Given the records below, pull every line with the word "kzeroE" into the answer.
━━ Recorded information
Lemma AmatP (x y : AM) : (forall i j c, x i j c = y i j c) -> x = y.
Proof.
move=> xy; apply: functional_extensionality_dep => i.
by apply: functional_extensionality_dep => j; apply/fsfunP => c; apply: xy.
Qed.

Lemma AmulE (x y : AM) i j c : Amul x y i j c = \sum_(l < n) kcomp (x i l) (y l j) c.
Proof. exact: kadd_big_eval. Qed.

Definition Aadd (x y : AM) : AM := fun i j => kadd (x i j) (y i j).
Definition Azero : AM := fun i j => kzero k C j i.

Definition Aone : AM := fun i j =>
  match j =P i with
  | ReflectT e => eq_rect j (fun z => kH j z) (kid k C j) i e
  | ReflectF _ => kzero k C j i
  end.

Lemma Aone_diag i : Aone i i = kid k C i.
Proof. by rewrite /Aone; case: eqP => // e; rewrite (eq_axiomK e). Qed.

Lemma Aone_offdiag i j : j != i -> Aone i j = kzero k C j i.
Proof. by rewrite /Aone; case: eqP. Qed.

Lemma Amul1 (x : AM) : Amul Aone x = x.
Proof.
apply: AmatP => i j c; rewrite AmulE (bigD1 i) //= Aone_diag kcomp_idl big1 ?addr0 //.
by move=> l li; rewrite Aone_offdiag //; apply: kcomp_eq0l => a; rewrite kzeroE.
Qed.

Lemma AmulA (x y z : AM) : Amul x (Amul y z) = Amul (Amul x y) z.
Proof.
apply: AmatP => i j c; rewrite !AmulE.
under eq_bigr => l _ do rewrite kcomp_bigr.
under [RHS]eq_bigr => l _ do rewrite kcomp_bigl.
by rewrite exchange_big; apply: eq_bigr => l _; apply: eq_bigr => l' _; rewrite kcompA.
Qed.

Lemma Amul_addl (x y z : AM) : Amul (Aadd x y) z = Aadd (Amul x z) (Amul y z).
Proof.
apply: AmatP => i j c; rewrite /Aadd kaddE !AmulE -big_split.
by apply: eq_bigr => l _; rewrite kcomp_kaddl.
Qed.

Lemma Aadd00 : Aadd Azero Azero = Azero.
Proof. by apply: AmatP => i j c; rewrite /Aadd kaddE /Azero kzeroE addr0. Qed.

Lemma Atau_one : Atau alpha Aone = \sum_(i < n) alpha (Defs.idm C i).
Proof. by apply: eq_bigr => i _; rewrite Aone_diag; apply: linext_kid. Qed.

Lemma Atau_add (x y : AM) : Atau alpha (Aadd x y) = Atau alpha x + Atau alpha y.
Proof. by rewrite /Atau -big_split; apply: eq_bigr => i _; apply: linext_kadd. Qed.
━━━━
**Solved problem**:
by move=> l li; rewrite Aone_offdiag //; apply: kcomp_eq0l => a; rewrite kzeroE.
Proof. by apply: AmatP => i j c; rewrite /Aadd kaddE /Azero kzeroE addr0. Qed.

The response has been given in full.